Stored data
(* Let $A\geq1$ and $\varepsilon>0$ be fixed. Let $a,c\in\mathbb{Z}\setminus\{0\}$, $b\in\mathbb{Z}$ and $x_1,x_2\geq1$ be such that $|c|<x_2^{A}$. Then $$\#\{n\in\mathbb{Z}\cap[-x_1,x_1]:\ \gcd(an+b,c)>x_2\}\ll \frac{x_1\gcd(a,c)}{x_2^{1-\varepsilon}}+\tau(c),$$ where the implied constant depends only on $A$ and $\varepsilon$.
   Context: $\tau(c)$ denotes the number of positive divisors of $c$. *)

From Stdlib Require Import Reals ZArith List Lia Lra.
Open Scope R_scope.

Definition Z_window (M : Z) : list Z :=
  map (fun k => (Z.of_nat k - M)%Z) (seq 0 (Z.to_nat (2 * M + 1))).

Definition tau (c : Z) : nat :=
  length (filter (fun d => Z.eqb (Z.rem c d) 0)
                 (map Z.of_nat (seq 1 (Z.to_nat (Z.abs c))))).

Definition bad_count (a b c : Z) (x1 x2 : R) : nat :=
  length (filter (fun n =>
     if Rle_dec (Rabs (IZR n)) x1 then
       if Rlt_dec x2 (IZR (Z.gcd (a * n + b) c)) then true else false
     else false)
   (Z_window (Z.abs (up x1)))).

(* If gcd (a n + b) c > x2, then d := gcd (a n + b) c is a divisor of c with
   d > x2 and d | a n + b.  For a fixed d, the solutions n of d | a n + b form a
   single residue class modulo d / gcd (a, d), so at most
   4 x1 gcd (a, d) / d + 1 <= 4 x1 gcd (a, c) / x2 + 1 of them lie in [-x1, x1].
   Summing over the tau(c) divisors of c and using the divisor bound
   tau(c) << |c|^(eps/A) < x2^eps gives the claim.  The divisor bound comes from
   tau(n) / n^δ = prod_(p^e || n) (e + 1) / p^(eδ), where every factor is at most
   1 once δ ln p >= 1, and bounded in terms of δ for the finitely many other p. *)

From Stdlib Require Import Reals ZArith.
Open Scope R_scope.
From Stdlib Require Import List Lia Lra.
From mathcomp Require Import ssreflect ssrfun ssrbool.
From mathcomp Require eqtype ssrnat seq path div prime bigop.

Module DivisorBound.
Import eqtype ssrnat seq path div prime bigop.

Definition prime_threshold (δ : R) : nat := Z.to_nat (up (exp (/ δ))).

Definition small_prime_factor (δ : R) : R := 1 + / (δ * ln 2).

Lemma ln2_gt0 : 0 < ln 2.
Proof. by have := ln_lt_2; lra. Qed.

Lemma small_prime_factor_ge1 δ : 0 < δ -> 1 <= small_prime_factor δ.
Proof.
move=> hδ; have hl := ln2_gt0.
suff : 0 < / (δ * ln 2) by rewrite /small_prime_factor; lra.
by apply: Rinv_0_lt_compat; nra.
Qed.

Lemma INR_expn p e : INR (p ^ e) = INR p ^ e.
Proof. by elim: e => [|e IH] //; rewrite expnS -multE mult_INR IH. Qed.

Lemma succ_le_Rpower_pfactor δ p e : 0 < δ -> (2 <= p)%N ->
  INR e.+1 <=
  (if (p < prime_threshold δ)%N then small_prime_factor δ else 1) *
  Rpower (INR (p ^ e)) δ.
Proof.
move=> hδ hp.
have hp2 : 2 <= INR p by apply: (le_INR 2); apply/leP.
have hl2 := ln2_gt0.
have hlp : ln 2 <= ln (INR p).
  case: (Req_dec (INR p) 2) => [->|hne]; first lra.
  by apply/Rlt_le/ln_increasing; lra.
set t := δ * ln (INR p).
have ht : δ * ln 2 <= t by apply: Rmult_le_compat_l; lra.
have he : 0 <= INR e by apply: pos_INR.
have hexp : 1 + INR e * t <= Rpower (INR (p ^ e)) δ.
  rewrite /Rpower INR_expn ln_pow; last lra.
  have -> : δ * (INR e * ln (INR p)) = INR e * t by rewrite /t; ring.
  exact: exp_ineq1_le.
rewrite S_INR; case: ifP => [_|hbig].
- rewrite /small_prime_factor.
  have hs : / (δ * ln 2) * (δ * ln 2) = 1 by field; lra.
  have hi : 0 < / (δ * ln 2) by apply: Rinv_0_lt_compat; nra.
  have : INR e <= / (δ * ln 2) * (INR e * t).
    have : / (δ * ln 2) * (INR e * (δ * ln 2)) = INR e by field; lra.
    have : INR e * (δ * ln 2) <= INR e * t by apply: Rmult_le_compat_l.
    nra.
  have : 0 <= INR e * t by apply: Rmult_le_pos; nra.
  nra.
- (* for large p, [δ ln p >= 1], so the linear bound [1 + e t] already suffices *)
  have hP : exp (/ δ) < INR p.
    have [hup _] := archimed (exp (/ δ)).
    have hpos : (0 <= up (exp (/ δ)))%Z by apply: le_IZR; have := exp_pos (/ δ); lra.
    suff : IZR (up (exp (/ δ))) <= INR p by lra.
    rewrite -(Z2Nat.id _ hpos) -INR_IZR_INZ; apply: le_INR; apply/leP.
    by rewrite leqNgt hbig.
  have : 1 <= t.
    have : / δ < ln (INR p).
      by rewrite -[/ δ]ln_exp; apply: ln_increasing => //; apply: exp_pos.
    have : δ * / δ = 1 by field; lra.
    rewrite /t; nra.
  nra.
Qed.

Lemma prod_succ_le_Rpower δ (pd : seq (nat * nat)) : 0 < δ ->
  all prime (unzip1 pd) ->
  INR (\prod_(f <- pd) f.2.+1) <=
  small_prime_factor δ ^ count (fun f => f.1 < prime_threshold δ)%N pd *
  Rpower (INR (\prod_(f <- pd) f.1 ^ f.2)) δ.
Proof.
move=> hδ; elim: pd => [|[p e] pd IH] /=.
  by rewrite !big_nil /Rpower /= ln_1 Rmult_0_r exp_0; lra.
case/andP=> pp hall; have {}IH := IH hall.
rewrite !big_cons -!multE !mult_INR [count _ _]/= -plusE pow_add.
have hpe : 0 < INR (p ^ e) by apply/lt_0_INR/ltP; rewrite expn_gt0 prime_gt0.
have hpd : 0 < INR (\prod_(f <- pd) f.1 ^ f.2).
  apply/lt_0_INR/ltP; rewrite big_seq prodn_cond_gt0 // => -[q k].
  by move=> /(map_f fst) /(allP hall) /prime_gt0 q0; rewrite expn_gt0 q0.
rewrite -Rpower_mult_distr //.
have -> : small_prime_factor δ ^ (p < prime_threshold δ)%N =
          (if (p < prime_threshold δ)%N then small_prime_factor δ else 1).
  by case: ifP => /=; lra.
rewrite Rmult_assoc (Rmult_comm (_ ^ _)) -!Rmult_assoc Rmult_assoc.
apply: Rmult_le_compat; try exact: pos_INR.
- exact: succ_le_Rpower_pfactor (prime_gt1 pp).
- by rewrite Rmult_comm.
Qed.

Lemma size_divisors n : size (divisors n) = \prod_(f <- prime_decomp n) f.2.+1.
Proof.
rewrite /divisors; elim: (prime_decomp n) => [|[p e] pd IH] /=; first by rewrite big_nil.
rewrite big_cons /= -IH.
elim: e => [|e IHe]; first by rewrite mul1n.
by rewrite iterS size_merge size_cat size_map IHe [(e.+2 * _)%N]mulSn addnC.
Qed.

Lemma size_divisors_le_Rpower δ n : 0 < δ -> (0 < n)%N ->
  INR (size (divisors n)) <=
  small_prime_factor δ ^ prime_threshold δ * Rpower (INR n) δ.
Proof.
move=> hδ hn.
have hall : all prime (unzip1 (prime_decomp n)).
  by apply/allP => p; rewrite -/(primes n) mem_primes => /andP[].
rewrite size_divisors {2}(prod_prime_decomp hn).
apply: (Rle_trans _ _ _ (prod_succ_le_Rpower _ _ hδ hall)).
apply: Rmult_le_compat_r; first exact/Rlt_le/exp_pos.
apply: Rle_pow; first exact: small_prime_factor_ge1.
(* the small primes of [n] are distinct elements of [iota 0 (prime_threshold δ)] *)
have -> : count (fun f => f.1 < prime_threshold δ)%N (prime_decomp n) =
          count (fun p => p < prime_threshold δ)%N (primes n) by rewrite count_map.
apply/leP; rewrite -size_filter -[X in (_ <= X)%N](size_iota 0).
apply: uniq_leq_size; first by rewrite filter_uniq // primes_uniq.
by move=> p; rewrite mem_filter mem_iota add0n => /andP[->].
Qed.

Lemma rem_eq0_dvdn (c : Z) (k : nat) : (0 < k)%N ->
  Z.eqb (Z.rem c (Z.of_nat k)) 0 = (k %| Z.to_nat (Z.abs c))%N.
Proof.
move=> /ltP hk; have hk0 : Z.of_nat k <> 0%Z by lia.
apply/idP/idP.
- move/Z.eqb_eq/(Z.rem_divide _ _ hk0)/Z.divide_abs_r => -[z hz].
  have hz0 : (0 <= z)%Z by have := Z.abs_nonneg c; nia.
  apply/dvdnP; exists (Z.to_nat z); rewrite -multE; lia.
- case/dvdnP => z hz; apply/Z.eqb_eq/(Z.rem_divide _ _ hk0).
  apply/Z.divide_abs_r; exists (Z.of_nat z); rewrite -multE in hz; lia.
Qed.

Lemma List_seq_iota m n : List.seq m n = iota m n.
Proof. by elim: n m => //= n IH m; rewrite IH. Qed.

Lemma tau_count c :
  tau c = count (fun k => k %| Z.to_nat (Z.abs c))%N (iota 1 (Z.to_nat (Z.abs c))).
Proof.
rewrite /tau List_seq_iota.
have : all (fun k => 0 < k)%N (iota 1 (Z.to_nat (Z.abs c))).
  by apply/allP => k; rewrite mem_iota => /andP[].
elim: (iota _ _) => //= k l IH /andP[hk /IH {}IH].
by rewrite rem_eq0_dvdn //; case: (_ %| _)%N; rewrite /= IH.
Qed.

Lemma tau_le_size_divisors c : (tau c <= size (divisors (Z.to_nat (Z.abs c))))%N.
Proof.
rewrite tau_count -size_filter; apply: uniq_leq_size; first exact/filter_uniq/iota_uniq.
move=> k; rewrite mem_filter mem_iota => /andP[hk /andP[hk1 hkn]].
by rewrite -dvdn_divisors // (leq_trans hk1 hkn).
Qed.

Lemma tau_le_Rpower δ : 0 < δ ->
  exists C, 0 < C /\
    forall c, c <> 0%Z -> INR (tau c) <= C * Rpower (IZR (Z.abs c)) δ.
Proof.
move=> hδ; exists (small_prime_factor δ ^ prime_threshold δ); split.
  by apply: (Rlt_le_trans _ 1); [lra | exact/pow_R1_Rle/small_prime_factor_ge1].
move=> c hc; have hn : (0 < Z.to_nat (Z.abs c))%N by apply/ltP; lia.
have <- : INR (Z.to_nat (Z.abs c)) = IZR (Z.abs c).
  by rewrite INR_IZR_INZ Z2Nat.id //; apply: Z.abs_nonneg.
apply: (Rle_trans _ _ _ _ (size_divisors_le_Rpower _ _ hδ hn)).
exact/le_INR/leP/tau_le_size_divisors.
Qed.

> _AIM OF THE EXERCISE_
Taking the entries above, restate exactly those lines that fall between the line with "move=> /ltP hk;" and the line with "exists C, 0 < C /\", keeping both of those lines too.

> _EXERCISE SOLUTION_
move=> /ltP hk; have hk0 : Z.of_nat k <> 0%Z by lia.
apply/idP/idP.
- move/Z.eqb_eq/(Z.rem_divide _ _ hk0)/Z.divide_abs_r => -[z hz].
  have hz0 : (0 <= z)%Z by have := Z.abs_nonneg c; nia.
  apply/dvdnP; exists (Z.to_nat z); rewrite -multE; lia.
- case/dvdnP => z hz; apply/Z.eqb_eq/(Z.rem_divide _ _ hk0).
  apply/Z.divide_abs_r; exists (Z.of_nat z); rewrite -multE in hz; lia.
Qed.

Lemma List_seq_iota m n : List.seq m n = iota m n.
Proof. by elim: n m => //= n IH m; rewrite IH. Qed.

Lemma tau_count c :
  tau c = count (fun k => k %| Z.to_nat (Z.abs c))%N (iota 1 (Z.to_nat (Z.abs c))).
Proof.
rewrite /tau List_seq_iota.
have : all (fun k => 0 < k)%N (iota 1 (Z.to_nat (Z.abs c))).
  by apply/allP => k; rewrite mem_iota => /andP[].
elim: (iota _ _) => //= k l IH /andP[hk /IH {}IH].
by rewrite rem_eq0_dvdn //; case: (_ %| _)%N; rewrite /= IH.
Qed.

Lemma tau_le_size_divisors c : (tau c <= size (divisors (Z.to_nat (Z.abs c))))%N.
Proof.
rewrite tau_count -size_filter; apply: uniq_leq_size; first exact/filter_uniq/iota_uniq.
move=> k; rewrite mem_filter mem_iota => /andP[hk /andP[hk1 hkn]].
by rewrite -dvdn_divisors // (leq_trans hk1 hkn).
Qed.

Lemma tau_le_Rpower δ : 0 < δ ->
  exists C, 0 < C /\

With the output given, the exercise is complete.